L'électrophorèse sur gel est souvent utilisée pour séparer des fragments d'ADN amplifié par PCR :
L'échantillon est chargé dans de petits puits à une extrémité d'un gel d'agarose. Un courant électrique est appliqué au gel, l'électrode positive étant positionnée à l'extrémité opposée aux puits. L'ADN chargé négativement se déplace à travers le gel vers l'électrode positive. Les molécules d'ADN plus petites se déplacent plus rapidement à travers le gel que les molécules d'ADN plus grandes, ce qui entraîne une séparation de taille. Après l'électrophorèse, l'ADN est visualisé et apparaît sous forme de bandes dérivées de fragments d'ADN de même longueur. Seule une grande quantité d'ADN (des millions de copies) peut être visualisée avec cette méthode. Une "échelle d'ADN" contenant un mélange de fragments d'ADN de tailles connues est également chargée sur le gel. Les tailles des échantillons d'ADN peuvent être estimées en comparant la distance avec l'échelle d'ADN (figure 1).
Figure 1 : Des fragments de différentes longueurs provenant d'une réaction PCR sont passés sur un gel. Les fragments se déplaceront à une vitesse et une distance relatives à leur taille : les molécules d'ADN plus petites se déplaceront dans le gel plus rapidement et plus loin que les molécules d'ADN plus longues.
En mélangeant le produit PCR avec un tampon de chargement, nous pouvons visualiser la distance parcourue par le produit PCR pendant l'électrophorèse sur gel. Le tampon de chargement est également utile pour alourdir l'échantillon, afin qu'il descende au fond du gel.
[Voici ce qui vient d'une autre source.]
Lemma umcd_from_served M N s k : umcd_from m A M N s k ->
  N \subset M -> all (mem M) s -> {in M, forall i, i \notin N -> served M s i} ->
  exists s', [/\ size s' = k, all (mem M) s' & {in M, forall i, served M s' i}].
Proof.
elim=> {N s k} [s | N s w k wN _ _ IH] NM sM s_served.
  by exists s; split=> // i iM; apply: s_served; rewrite ?inE.
apply: IH.
- apply/fintype.subsetP => i; rewrite inE => /andP [/setD1P [_ iN] _].
  exact: (fintype.subsetP NM).
- by rewrite all_rcons sM andbT; apply: (fintype.subsetP NM).
move=> i iM; rewrite inE => i_removed.
case: (boolP (i \in N)) => iN; last by rewrite -cats1; apply/served_cat/s_served.
case: (i =P w) => [-> | /eqP i_neq_w]; first by left; rewrite mem_rcons mem_head.
right; exists (rcons s w), [::]; rewrite cats0; split=> //; apply/eqP.
by move: i_removed; rewrite in_setD1 i_neq_w iN negbK.
Qed.

Lemma umcd_run_served M k : umcd_run m A M k ->
  exists s, [/\ size s = k, all (mem M) s & {in M, forall i, served M s i}].
Proof.
by move=> run; apply: (umcd_from_served run) => // i ->.
Qed.

Lemma served_pmcm_gain M s i : served M s i ->
  exists Rw, pmcm (umcd_pattern M s) Rw (Bset m A M i) <
             pmcm (umcd_pattern M s) Rw (i |: Bset m A M i).
Proof.
case=> [i_s | [s0 [t [-> gain]]]]; last first.
  by exists (fun r => r < size s0); rewrite -!mcm_cat gain.
pose r0 : 'I_(size s) := Ordinal (etrans (index_mem i s) i_s).
have row_r0 : Grow m A M s r0 = i |: (A i :&: M) by rewrite /Grow (tnth_nth i) nth_index.
(* Row r0 meets column i but no column of B_i. *)
exists (pred1 r0); apply: (@leq_trans 1).
  rewrite ltnS; apply/bigmax_leqP => T /andP [/andP [/forall_inP T_pat _] /forall_inP T_on].
  rewrite leqn0 cards_eq0; apply/eqP/setP => p; rewrite inE; apply/negP => pT.
  have /andP [/eqP p_r0 pB] := T_on p pT; move: (T_pat p pT) pB.
  rewrite /umcd_pattern p_r0 row_r0 !inE.
  by case/orP => [-> | /andP [-> ->]]; rewrite ?orbT.
apply: leq_trans (leq_bigmax_cond [set (r0, i)] _); first by rewrite cards1.
rewrite /pmatching_on /pmatching -!andbA; apply/and3P; split.
- by apply/forall_inP => p /set1P -> /=; rewrite /umcd_pattern row_r0 setU11.
- by apply/forall_inP => p /set1P ->; apply/forall_inP => q /set1P ->; rewrite eqxx.
- by apply/forall_inP => p /set1P -> /=; rewrite eqxx setU11.
Qed.
(* Let $a,b$ be positive integers and $r=[2a,2b,-2b,-2a]$. Then all zeros of $\Delta_{K(r)}(t)$ are real if and only if $a\ge 4b$.
   Context: For a finite sequence $r=[2a_1,2a_2,\dots,2a_n]$ of nonzero even integers, $K(r)$ denotes the 2-bridge knot or link whose associated rational number has the even continued fraction expansion $1/(2a_1-1/(2a_2-\cdots-1/(2a_n)))$ ($K(r)$ is a knot if $n$ is even and a 2-component link if $n$ is odd). Let $M(r)$ be the $n\times n$ integer matrix whose $(k,k)$-entry is $a_k$ ($1\le k\le n$), whose $(k,k+1)$-entry is $1$ ($1\le k\le n-1$), and whose other entries are $0$; it is a Seifert matrix of $K(r)$, and $\Delta_{K(r)}(t)=\det(tM(r)-M(r)^T)$ is the (reduced) Alexander polynomial of $K(r)$ (well defined up to sign). *)

From HB Require Import structures.
From mathcomp Require Import all_boot all_order all_algebra all_field.
Set Implicit Arguments. Unset Strict Implicit. Unset Printing Implicit Defensive.
Import Order.TTheory GRing.Theory Num.Theory.
Local Open Scope ring_scope.

(* r = [2a_1; ...; 2a_n] : the sequence of (nonzero even) integers of the
   even continued fraction.  a_k = r_k / 2. *)
Definition half_entry (r : seq int) (k : nat) : int := ((r`_k) %/ 2)%Z.

Definition seifert_mx (r : seq int) : 'M[int]_(size r) :=
  \matrix_(i < size r, j < size r)
    (if (j == i :> nat) then half_entry r i
     else if (j == i.+1 :> nat) then 1 else 0).

Definition alexander (r : seq int) : {poly int} :=
  \det ('X *: map_mx polyC (seifert_mx r) - map_mx polyC (seifert_mx r)^T).

Definition all_zeros_real (p : {poly int}) : Prop :=
  forall z : algC, root (map_poly intr p) z -> z \is Num.real.

From HB Require Import structures.
From mathcomp Require Import all_boot all_order all_algebra all_field.
From mathcomp Require Import ring zify.
Set Implicit Arguments. Unset Strict Implicit. Unset Printing Implicit Defensive.
Import Order.TTheory GRing.Theory Num.Theory.
Local Open Scope ring_scope.

(* For r = [2a, 2b, -2b, -2a] the Seifert matrix is tridiagonal, and expanding
   its 4 x 4 determinant gives the reciprocal quartic
       Delta(t) = A (t-1)^4 + B (t-1)^2 t + t^2,   A = (ab)^2,  B = 2ab - a^2.
   For t <> 0 the substitution u = (t-1)^2 / t turns Delta(t) = 0 into the
   quadratic A u^2 + B u + 1 = 0, and t is recovered from u as a root of the
   quadratic t^2 - (u+2) t + 1 = 0.  Everything then rests on one fact about
   quadratics with real coefficients: a root is real iff the discriminant is
   nonnegative (quadratic_root_realE).  The quadratic in u has discriminant
   B^2 - 4A = a^3 (a - 4b), so:
   - if a < 4b, its roots u are non-real, and any t lying above such a u is a
     non-real zero of Delta (recip_quartic_nonreal_root);
   - if a >= 4b, then B < 0, the roots u are real and positive, so the second
     quadratic has discriminant u (u + 4) >= 0 and every zero t is real
     (recip_quartic_root_real). *)

Section Quadratic.
Variable R : comRingType.
Implicit Types a b c u x z : R.

Lemma quadratic_completed_square a b c x : a * x ^+ 2 + b * x + c = 0 ->
  (2 * a * x + b) ^+ 2 = b ^+ 2 - 4 * a * c.
Proof.
move=> root_x; apply/eqP; rewrite -subr_eq0; apply/eqP.
by rewrite -[RHS](mulr0 (4 * a)) -root_x; ring.
Qed.

Definition recip_quartic (A B z : R) : R :=
  A * (z - 1) ^+ 4 + B * (z - 1) ^+ 2 * z + z ^+ 2.

Lemma recip_quarticE A B u z : (z - 1) ^+ 2 = u * z ->
  recip_quartic A B z = z ^+ 2 * (A * u ^+ 2 + B * u + 1).
Proof. by move=> zu; rewrite /recip_quartic -[4%N]/(2 * 2)%N exprM zu; ring. Qed.

Lemma recip_substitutionE u z :
  (z - 1) ^+ 2 = u * z <-> 1 * z ^+ 2 + - (u + 2) * z + 1 = 0.
Proof.
have -> : 1 * z ^+ 2 + - (u + 2) * z + 1 = (z - 1) ^+ 2 - u * z by ring.
by split=> [-> | /eqP]; [rewrite subrr | rewrite subr_eq0 => /eqP].
Qed.

End Quadratic.

Lemma real_quadratic_root_gt0 (R : numDomainType) (a b x : R) :
  x \is Num.real -> 0 <= a -> b <= 0 -> a * x ^+ 2 + b * x + 1 = 0 -> 0 < x.
Proof.
move=> rx a_ge0 b_le0 root_x; rewrite real_ltNge ?rpred0 //; apply/negP => x_le0.
have lhs_ge0 : 0 <= a * x ^+ 2 + b * x.
  apply: addr_ge0; first by rewrite mulr_ge0 ?real_exprn_even_ge0.
  by rewrite mulr_le0.
by have := ltr_wpDl lhs_ge0 (@ltr01 R); rewrite root_x ltxx.
Qed.

(* A root of a quadratic with real coefficients is real exactly when the
   discriminant is nonnegative: 2 a x + b is a square root of it. *)
Lemma quadratic_root_realE (F : numFieldType) (a b c x : F) :
  a \is Num.real -> b \is Num.real -> a != 0 -> a * x ^+ 2 + b * x + c = 0 ->
  (x \is Num.real) = (0 <= b ^+ 2 - 4 * a * c).
Proof.
move=> ra rb a_neq0 /quadratic_completed_square <-; rewrite -realEsqr.
have a2_neq0 : 2 * a != 0 by rewrite mulf_neq0 ?pnatr_eq0.
apply/idP/idP => [rx | rw]; first by rewrite rpredD ?rpredM ?rpred_nat.
have -> : x = (2 * a * x + b - b) / (2 * a) by rewrite addrK mulrAC divff ?mul1r.
by rewrite rpredM ?rpredB // realV rpredM ?rpred_nat.
Qed.

Section ClosedField.
Variable C : numClosedFieldType.
Implicit Types a b c A B z : C.

Lemma quadratic_has_root a b c : a != 0 -> exists x, a * x ^+ 2 + b * x + c = 0.
Proof.
move=> a_neq0; exists ((sqrtC (b ^+ 2 - 4 * a * c) - b) / (2 * a)).
have a2_neq0 : 2 * a != 0 by rewrite mulf_neq0 ?pnatr_eq0.
set s := sqrtC _; have s2 : s ^+ 2 = b ^+ 2 - 4 * a * c by exact: sqrtCK.
apply: (mulfI (mulf_neq0 a2_neq0 a2_neq0)); rewrite mulr0.
have -> : 2 * a * (2 * a) * (a * ((s - b) / (2 * a)) ^+ 2 + b * ((s - b) / (2 * a)) + c)
    = a * (s ^+ 2 - (b ^+ 2 - 4 * a * c)) by field.
by rewrite s2 subrr mulr0.
Qed.

(* Pick a root u of
   the quadratic and a root z of z^2 - (u+2) z + 1; if z were real, so would
   be u = (z-1)^2 / z, forcing a nonnegative discriminant. *)
Lemma recip_quartic_nonreal_root A B : A \is Num.real -> B \is Num.real -> A != 0 ->
  B ^+ 2 - 4 * A < 0 -> exists z, recip_quartic A B z = 0 /\ z \notin Num.real.
Proof.
move=> rA rB A_neq0 discr_lt0; have [u root_u] := quadratic_has_root B 1 A_neq0.
have [z /recip_substitutionE zu] := quadratic_has_root (- (u + 2)) 1 (oner_neq0 C).
exists z; split; first by rewrite (recip_quarticE _ _ zu) root_u mulr0.
apply/negP => rz.
have z_neq0 : z != 0.
  by apply: contra_eq_neq zu => ->; rewrite mulr0 sub0r sqrrN expr1n oner_eq0.
have ru : u \is Num.real.
  have -> : u = (z - 1) ^+ 2 / z by rewrite zu mulfK.
  by rewrite rpredM ?realV // rpredX // rpredB ?rpred1.
have := quadratic_root_realE rA rB A_neq0 root_u; rewrite ru mulr1 => /esym.
by rewrite (lt_geF discr_lt0).
Qed.

(* The associated u is a real positive root of the quadratic, so z solves
   z^2 - (u+2) z + 1 = 0 whose discriminant u (u + 4) is nonnegative. *)
Lemma recip_quartic_root_real A B z : 0 < A -> B < 0 -> 0 <= B ^+ 2 - 4 * A ->
  recip_quartic A B z = 0 -> z \is Num.real.
Proof.
move=> A_gt0 B_lt0 discr_ge0 root_z.
have rA : A \is Num.real by rewrite gtr0_real.
have rB : B \is Num.real by rewrite ltr0_real.
have z_neq0 : z != 0.
  have quartic0 : recip_quartic A B 0 = A by rewrite /recip_quartic; ring.
  by apply: contra_eq_neq root_z => ->; rewrite quartic0 gt_eqF.
pose u := (z - 1) ^+ 2 / z.
have zu : (z - 1) ^+ 2 = u * z by rewrite divfK.
have root_u : A * u ^+ 2 + B * u + 1 = 0.
  by apply/(mulfI (expf_neq0 2 z_neq0)); rewrite -recip_quarticE // root_z mulr0.
have ru : u \is Num.real.
  by rewrite (quadratic_root_realE rA rB _ root_u) ?mulr1 ?gt_eqF.
have u_gt0 := real_quadratic_root_gt0 ru (ltW A_gt0) (ltW B_lt0) root_u.
move/recip_substitutionE: zu => root_z'.
rewrite (quadratic_root_realE _ _ (oner_neq0 C) root_z') ?(rpredN, rpredD, rpred1) //.
have -> : (- (u + 2)) ^+ 2 - 4 * 1 * 1 = u * (u + 4) by ring.
by rewrite mulr_ge0 ?addr_ge0 ?ler0n ?ltW.
Qed.

End ClosedField.

Lemma det_tridiag4 (R : comRingType) (f : nat -> nat -> R) :
  f 0 2 = 0 -> f 0 3 = 0 -> f 1 3 = 0 -> f 2 0 = 0 -> f 3 0 = 0 -> f 3 1 = 0 ->
  \det (\matrix_(i < 4, j < 4) f i j) =
  f 3 3 * (f 2 2 * (f 0 0 * f 1 1 - f 0 1 * f 1 0) - f 1 2 * f 2 1 * f 0 0)
  - f 2 3 * f 3 2 * (f 0 0 * f 1 1 - f 0 1 * f 1 0).
Proof.
move=> f02 f03 f13 f20 f30 f31.
do 3!rewrite !(expand_det_row _ 0) !big_ord_recl !big_ord0 /cofactor.
by rewrite !det_mx11 !mxE /bump /= f02 f03 f13 f20 f30 f31; ring.
Qed.

Lemma half_entry_double (s : seq int) k : half_entry [seq 2 * x | x <- s] k = s`_k.
Proof.
rewrite /half_entry; case: (ltnP k (size s)) => hk.
  by rewrite (nth_map 0) // mulKz.
by rewrite !nth_default ?size_map // div0z.
Qed.

Lemma alexanderE (a b : int) :
  alexander [:: 2 * a; 2 * b; - (2 * b); - (2 * a)] =
  ((a * b) ^+ 2)%:P * ('X - 1) ^+ 4 + (2 * a * b - a ^+ 2)%:P * ('X - 1) ^+ 2 * 'X
  + 'X ^+ 2.
Proof.
have -> : [:: 2 * a; 2 * b; - (2 * b); - (2 * a)] = [seq 2 * x | x <- [:: a; b; - b; - a]].
  by rewrite /= !mulrN.
pose m (i j : nat) : int :=
  if j == i then [:: a; b; - b; - a]`_i else if j == i.+1 then 1 else 0.
have -> : alexander [seq 2 * x | x <- [:: a; b; - b; - a]] =
    \det (\matrix_(i < 4, j < 4) ('X * (m i j)%:P - (m j i)%:P)).
  by congr (\det _); apply/matrixP => i j; rewrite !mxE !half_entry_double mulrC.
rewrite (@det_tridiag4 _ (fun i j => 'X * (m i j)%:P - (m j i)%:P)) /m /=.
  by rewrite ?polyC0 ?polyCN ?polyC1 ?polyCM ?polyCX; ring.
all: by rewrite polyC0 mulr0 subr0.
Qed.

Lemma alexander_horner (C : numClosedFieldType) (a b : int) (z : C) :
  (map_poly intr (alexander [:: 2 * a; 2 * b; - (2 * b); - (2 * a)])).[z] =
  recip_quartic ((a * b) ^+ 2)%:~R (2 * a * b - a ^+ 2)%:~R z.
Proof.
have hornerC_int c : (map_poly intr c%:P).[z] = c%:~R :> C.
  by rewrite map_polyC hornerC.
have hornerX_int : (map_poly (intr : int -> C) 'X).[z] = z.
  by rewrite map_polyX hornerX.
rewrite alexanderE !(rmorphD, rmorphN, rmorphB, rmorphM, rmorphXn, rmorph1).
by rewrite !(hornerD, hornerN, hornerM, horner_exp, hornerC) !hornerC_int !hornerX_int.
Qed.

Theorem proposition8p3 (a b : int) (ha : 0 < a) (hb : 0 < b) :
  all_zeros_real (alexander [:: 2 * a; 2 * b; - (2 * b); - (2 * a)]) <->
  4 * b <= a.
Proof.
pose A : int := (a * b) ^+ 2; pose B : int := 2 * a * b - a ^+ 2.
have A_gt0 : 0 < A by rewrite exprn_gt0 ?mulr_gt0.
have discrE : (B%:~R) ^+ 2 - 4 * A%:~R = (a ^+ 3 * (a - 4 * b))%:~R :> algC.
  by rewrite /A /B !(rmorphB, rmorphM, rmorphXn, rmorph_nat) /=; ring.
have discr_ge0 : (0 <= a ^+ 3 * (a - 4 * b)) = (4 * b <= a).
  by rewrite pmulr_rge0 ?exprn_gt0 // subr_ge0.
split=> [all_real | le_4b_a z].
- rewrite -discr_ge0 leNgt; apply/negP => discr_lt0.
  have A_neq0 : A%:~R != 0 :> algC by rewrite intr_eq0 gt_eqF.
  have discrC_lt0 : (B%:~R) ^+ 2 - 4 * A%:~R < 0 :> algC by rewrite discrE ltrz0.
  have [z [root_z]] := recip_quartic_nonreal_root (realz _ A) (realz _ B) A_neq0 discrC_lt0.
  by rewrite all_real // /root alexander_horner root_z.
- rewrite /root alexander_horner => /eqP; apply: recip_quartic_root_real.
  + by rewrite ltr0z.
  + by rewrite ltrz0 /B; nia.
  + by rewrite discrE ler0z discr_ge0.
Qed.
Il existe de nombreuses compositions de tampon de chargement, mais elles contiennent généralement les produits chimiques suivants :
- Réactif de coloration, par exemple, le cyanol de xylène, le rouge de crésol, le bleu de bromophénol, ou l'orange G.
Cela ajoutera de la couleur à l'échantillon et vous aidera à visualiser la position de l'échantillon sur le gel d'agarose.
- Réactif à haute viscosité, par exemple, Ficoll, saccharose ou glycérol.
Cela rendra l'échantillon plus lourd en augmentant la viscosité globale de l'échantillon.
- De l'eau pour diluer les réactifs mentionnés ci-dessus.